*Entries shown*
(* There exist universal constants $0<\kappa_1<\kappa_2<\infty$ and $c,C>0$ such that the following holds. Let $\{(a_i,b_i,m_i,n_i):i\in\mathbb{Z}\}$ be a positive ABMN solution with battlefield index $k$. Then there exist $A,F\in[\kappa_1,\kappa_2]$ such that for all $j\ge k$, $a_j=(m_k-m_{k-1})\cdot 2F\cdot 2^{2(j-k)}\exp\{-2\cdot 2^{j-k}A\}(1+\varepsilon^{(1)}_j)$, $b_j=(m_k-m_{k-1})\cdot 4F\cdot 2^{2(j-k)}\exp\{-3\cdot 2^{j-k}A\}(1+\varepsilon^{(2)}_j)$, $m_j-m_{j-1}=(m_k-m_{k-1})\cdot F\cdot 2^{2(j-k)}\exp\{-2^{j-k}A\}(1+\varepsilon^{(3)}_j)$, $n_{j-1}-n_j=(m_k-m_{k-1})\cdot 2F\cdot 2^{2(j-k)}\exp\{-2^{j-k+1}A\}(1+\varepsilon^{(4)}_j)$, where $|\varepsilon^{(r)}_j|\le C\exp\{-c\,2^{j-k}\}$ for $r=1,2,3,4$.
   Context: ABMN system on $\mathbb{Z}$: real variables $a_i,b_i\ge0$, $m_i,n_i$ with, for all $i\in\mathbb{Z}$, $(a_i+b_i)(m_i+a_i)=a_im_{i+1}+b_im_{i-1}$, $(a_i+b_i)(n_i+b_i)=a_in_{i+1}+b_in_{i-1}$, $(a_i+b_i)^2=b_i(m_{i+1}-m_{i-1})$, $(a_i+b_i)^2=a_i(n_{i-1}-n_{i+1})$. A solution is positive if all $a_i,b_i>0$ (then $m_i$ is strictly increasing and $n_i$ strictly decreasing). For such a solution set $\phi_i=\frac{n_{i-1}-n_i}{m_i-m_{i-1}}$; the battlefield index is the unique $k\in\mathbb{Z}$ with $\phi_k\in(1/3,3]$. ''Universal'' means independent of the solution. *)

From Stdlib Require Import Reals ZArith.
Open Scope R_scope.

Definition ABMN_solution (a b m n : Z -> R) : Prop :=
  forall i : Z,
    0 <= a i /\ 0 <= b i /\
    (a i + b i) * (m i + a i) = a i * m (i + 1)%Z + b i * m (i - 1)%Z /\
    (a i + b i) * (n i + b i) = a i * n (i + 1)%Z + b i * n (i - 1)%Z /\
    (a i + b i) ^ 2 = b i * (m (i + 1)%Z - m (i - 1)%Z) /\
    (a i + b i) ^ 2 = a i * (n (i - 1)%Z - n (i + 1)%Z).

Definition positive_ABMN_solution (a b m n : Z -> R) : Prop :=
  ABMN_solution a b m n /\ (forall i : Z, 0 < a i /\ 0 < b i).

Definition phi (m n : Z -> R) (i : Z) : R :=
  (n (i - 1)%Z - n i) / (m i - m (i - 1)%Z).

--

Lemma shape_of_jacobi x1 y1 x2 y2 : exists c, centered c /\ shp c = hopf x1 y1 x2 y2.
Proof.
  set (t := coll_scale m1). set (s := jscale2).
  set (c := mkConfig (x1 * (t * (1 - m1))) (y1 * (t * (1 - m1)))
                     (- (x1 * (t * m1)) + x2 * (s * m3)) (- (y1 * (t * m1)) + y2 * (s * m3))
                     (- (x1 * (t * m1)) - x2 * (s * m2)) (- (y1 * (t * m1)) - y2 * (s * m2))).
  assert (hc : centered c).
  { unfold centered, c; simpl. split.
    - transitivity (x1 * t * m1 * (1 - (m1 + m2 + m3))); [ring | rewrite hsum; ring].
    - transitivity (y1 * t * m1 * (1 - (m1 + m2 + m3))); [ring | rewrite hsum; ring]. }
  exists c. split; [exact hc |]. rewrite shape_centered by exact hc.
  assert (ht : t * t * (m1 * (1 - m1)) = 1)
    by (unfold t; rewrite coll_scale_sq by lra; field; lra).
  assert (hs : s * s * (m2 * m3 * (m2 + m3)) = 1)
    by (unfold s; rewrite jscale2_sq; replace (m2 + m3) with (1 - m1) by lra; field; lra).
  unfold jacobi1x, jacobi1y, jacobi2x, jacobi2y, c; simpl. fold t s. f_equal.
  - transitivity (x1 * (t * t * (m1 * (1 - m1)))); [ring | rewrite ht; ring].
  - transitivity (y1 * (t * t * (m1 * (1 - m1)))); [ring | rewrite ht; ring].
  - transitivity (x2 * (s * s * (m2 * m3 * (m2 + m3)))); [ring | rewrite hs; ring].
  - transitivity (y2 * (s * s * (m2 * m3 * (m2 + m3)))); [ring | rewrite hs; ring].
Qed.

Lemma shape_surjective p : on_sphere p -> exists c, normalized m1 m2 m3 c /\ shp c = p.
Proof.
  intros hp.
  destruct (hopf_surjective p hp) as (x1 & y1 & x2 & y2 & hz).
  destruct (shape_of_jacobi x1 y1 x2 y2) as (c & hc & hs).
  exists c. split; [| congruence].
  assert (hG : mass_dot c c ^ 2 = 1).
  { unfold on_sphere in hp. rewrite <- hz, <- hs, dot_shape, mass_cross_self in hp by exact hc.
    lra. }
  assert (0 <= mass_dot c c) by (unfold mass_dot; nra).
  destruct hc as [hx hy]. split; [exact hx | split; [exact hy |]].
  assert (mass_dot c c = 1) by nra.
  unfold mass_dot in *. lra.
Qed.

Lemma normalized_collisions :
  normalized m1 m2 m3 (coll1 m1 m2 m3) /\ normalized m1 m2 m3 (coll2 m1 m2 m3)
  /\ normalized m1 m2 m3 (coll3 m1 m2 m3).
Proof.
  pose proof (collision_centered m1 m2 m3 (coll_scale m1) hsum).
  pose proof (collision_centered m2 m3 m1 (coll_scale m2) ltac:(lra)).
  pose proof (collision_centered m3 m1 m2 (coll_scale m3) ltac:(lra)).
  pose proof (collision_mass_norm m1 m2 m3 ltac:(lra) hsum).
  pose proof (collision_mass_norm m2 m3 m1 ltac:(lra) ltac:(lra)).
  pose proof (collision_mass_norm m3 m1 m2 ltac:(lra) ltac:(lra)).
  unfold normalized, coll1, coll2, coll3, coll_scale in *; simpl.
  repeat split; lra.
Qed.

* * *

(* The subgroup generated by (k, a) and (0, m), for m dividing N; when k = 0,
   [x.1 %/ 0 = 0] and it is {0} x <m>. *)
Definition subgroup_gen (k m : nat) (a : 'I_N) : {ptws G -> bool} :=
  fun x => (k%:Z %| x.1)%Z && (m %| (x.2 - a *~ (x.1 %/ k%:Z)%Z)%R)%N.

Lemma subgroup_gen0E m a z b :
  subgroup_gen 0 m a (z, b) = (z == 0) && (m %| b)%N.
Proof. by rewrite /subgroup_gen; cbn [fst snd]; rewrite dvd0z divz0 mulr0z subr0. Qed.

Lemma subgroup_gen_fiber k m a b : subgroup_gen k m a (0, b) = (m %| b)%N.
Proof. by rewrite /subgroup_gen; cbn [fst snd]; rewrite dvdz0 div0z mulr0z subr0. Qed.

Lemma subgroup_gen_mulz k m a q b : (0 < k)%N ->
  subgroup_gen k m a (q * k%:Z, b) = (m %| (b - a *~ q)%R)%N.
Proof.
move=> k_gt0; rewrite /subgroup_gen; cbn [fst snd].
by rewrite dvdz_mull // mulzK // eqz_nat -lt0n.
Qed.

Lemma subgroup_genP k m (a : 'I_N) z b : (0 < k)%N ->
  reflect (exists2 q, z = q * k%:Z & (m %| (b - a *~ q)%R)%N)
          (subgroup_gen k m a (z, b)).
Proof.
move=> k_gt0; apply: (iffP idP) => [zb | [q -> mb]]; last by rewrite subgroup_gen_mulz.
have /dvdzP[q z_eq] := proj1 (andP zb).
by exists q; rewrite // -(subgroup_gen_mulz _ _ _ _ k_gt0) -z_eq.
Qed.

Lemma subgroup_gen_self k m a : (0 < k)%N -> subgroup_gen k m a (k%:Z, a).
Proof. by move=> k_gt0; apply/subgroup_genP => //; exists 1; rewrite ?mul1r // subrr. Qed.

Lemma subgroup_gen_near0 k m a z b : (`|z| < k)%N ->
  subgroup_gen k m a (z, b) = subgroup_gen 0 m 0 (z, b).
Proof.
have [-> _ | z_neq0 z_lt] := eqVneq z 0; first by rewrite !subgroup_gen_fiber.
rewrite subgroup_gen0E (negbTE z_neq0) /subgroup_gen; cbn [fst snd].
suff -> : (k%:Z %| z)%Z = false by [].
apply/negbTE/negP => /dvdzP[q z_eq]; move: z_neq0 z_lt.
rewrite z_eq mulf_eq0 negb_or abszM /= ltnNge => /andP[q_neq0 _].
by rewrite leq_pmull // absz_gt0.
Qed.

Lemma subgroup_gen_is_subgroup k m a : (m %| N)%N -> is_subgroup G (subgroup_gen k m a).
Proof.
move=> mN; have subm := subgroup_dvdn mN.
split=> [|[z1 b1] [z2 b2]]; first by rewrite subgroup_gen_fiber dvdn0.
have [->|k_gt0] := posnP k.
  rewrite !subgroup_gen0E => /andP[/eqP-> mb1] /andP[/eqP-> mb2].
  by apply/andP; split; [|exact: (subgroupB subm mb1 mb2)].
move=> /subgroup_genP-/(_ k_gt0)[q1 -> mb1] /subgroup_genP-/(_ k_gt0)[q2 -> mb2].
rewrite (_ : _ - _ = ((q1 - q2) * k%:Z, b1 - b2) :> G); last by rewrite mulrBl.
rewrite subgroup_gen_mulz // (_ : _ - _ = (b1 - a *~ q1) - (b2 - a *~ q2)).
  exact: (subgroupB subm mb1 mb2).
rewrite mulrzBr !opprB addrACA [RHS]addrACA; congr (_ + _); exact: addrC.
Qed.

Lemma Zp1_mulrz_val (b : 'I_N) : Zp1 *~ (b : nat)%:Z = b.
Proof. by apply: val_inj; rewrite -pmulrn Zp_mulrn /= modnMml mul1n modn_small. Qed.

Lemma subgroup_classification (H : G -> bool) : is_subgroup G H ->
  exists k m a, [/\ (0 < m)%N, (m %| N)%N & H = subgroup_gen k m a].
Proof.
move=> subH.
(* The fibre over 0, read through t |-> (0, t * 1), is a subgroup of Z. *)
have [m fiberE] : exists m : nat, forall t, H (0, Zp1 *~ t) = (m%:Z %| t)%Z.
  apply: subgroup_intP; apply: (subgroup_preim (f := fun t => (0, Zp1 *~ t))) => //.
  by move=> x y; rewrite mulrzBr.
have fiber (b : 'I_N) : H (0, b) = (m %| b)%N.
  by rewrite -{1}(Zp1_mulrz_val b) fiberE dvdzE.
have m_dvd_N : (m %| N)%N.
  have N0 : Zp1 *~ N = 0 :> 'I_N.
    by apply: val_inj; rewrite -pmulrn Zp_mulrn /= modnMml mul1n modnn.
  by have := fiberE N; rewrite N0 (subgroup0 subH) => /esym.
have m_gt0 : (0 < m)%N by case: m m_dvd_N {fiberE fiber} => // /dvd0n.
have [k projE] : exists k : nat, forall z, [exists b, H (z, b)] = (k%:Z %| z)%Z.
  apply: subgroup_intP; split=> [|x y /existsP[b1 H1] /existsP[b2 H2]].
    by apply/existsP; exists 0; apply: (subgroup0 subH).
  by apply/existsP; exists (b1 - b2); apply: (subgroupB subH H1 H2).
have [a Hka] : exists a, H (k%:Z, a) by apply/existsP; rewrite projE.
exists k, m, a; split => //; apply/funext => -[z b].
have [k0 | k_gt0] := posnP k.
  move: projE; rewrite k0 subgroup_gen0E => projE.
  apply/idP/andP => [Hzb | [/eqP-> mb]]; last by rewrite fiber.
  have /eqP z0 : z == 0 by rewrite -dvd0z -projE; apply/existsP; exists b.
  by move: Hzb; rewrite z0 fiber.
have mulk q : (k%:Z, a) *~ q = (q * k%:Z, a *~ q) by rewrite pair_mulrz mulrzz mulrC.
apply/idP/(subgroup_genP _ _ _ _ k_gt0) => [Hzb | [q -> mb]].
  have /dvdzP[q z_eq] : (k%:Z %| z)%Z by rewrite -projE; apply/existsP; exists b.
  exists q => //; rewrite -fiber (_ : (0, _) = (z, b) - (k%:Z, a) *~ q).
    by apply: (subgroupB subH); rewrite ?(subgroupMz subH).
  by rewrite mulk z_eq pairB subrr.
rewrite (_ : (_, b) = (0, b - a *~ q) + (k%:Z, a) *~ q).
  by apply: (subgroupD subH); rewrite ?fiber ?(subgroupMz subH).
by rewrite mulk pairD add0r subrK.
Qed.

*Requirement*
If a line in the records includes the string "mathbb", copy it.

*Output of the exercise*
(* There exist universal constants $0<\kappa_1<\kappa_2<\infty$ and $c,C>0$ such that the following holds. Let $\{(a_i,b_i,m_i,n_i):i\in\mathbb{Z}\}$ be a positive ABMN solution with battlefield index $k$. Then there exist $A,F\in[\kappa_1,\kappa_2]$ such that for all $j\ge k$, $a_j=(m_k-m_{k-1})\cdot 2F\cdot 2^{2(j-k)}\exp\{-2\cdot 2^{j-k}A\}(1+\varepsilon^{(1)}_j)$, $b_j=(m_k-m_{k-1})\cdot 4F\cdot 2^{2(j-k)}\exp\{-3\cdot 2^{j-k}A\}(1+\varepsilon^{(2)}_j)$, $m_j-m_{j-1}=(m_k-m_{k-1})\cdot F\cdot 2^{2(j-k)}\exp\{-2^{j-k}A\}(1+\varepsilon^{(3)}_j)$, $n_{j-1}-n_j=(m_k-m_{k-1})\cdot 2F\cdot 2^{2(j-k)}\exp\{-2^{j-k+1}A\}(1+\varepsilon^{(4)}_j)$, where $|\varepsilon^{(r)}_j|\le C\exp\{-c\,2^{j-k}\}$ for $r=1,2,3,4$.
   Context: ABMN system on $\mathbb{Z}$: real variables $a_i,b_i\ge0$, $m_i,n_i$ with, for all $i\in\mathbb{Z}$, $(a_i+b_i)(m_i+a_i)=a_im_{i+1}+b_im_{i-1}$, $(a_i+b_i)(n_i+b_i)=a_in_{i+1}+b_in_{i-1}$, $(a_i+b_i)^2=b_i(m_{i+1}-m_{i-1})$, $(a_i+b_i)^2=a_i(n_{i-1}-n_{i+1})$. A solution is positive if all $a_i,b_i>0$ (then $m_i$ is strictly increasing and $n_i$ strictly decreasing). For such a solution set $\phi_i=\frac{n_{i-1}-n_i}{m_i-m_{i-1}}$; the battlefield index is the unique $k\in\mathbb{Z}$ with $\phi_k\in(1/3,3]$. ''Universal'' means independent of the solution. *)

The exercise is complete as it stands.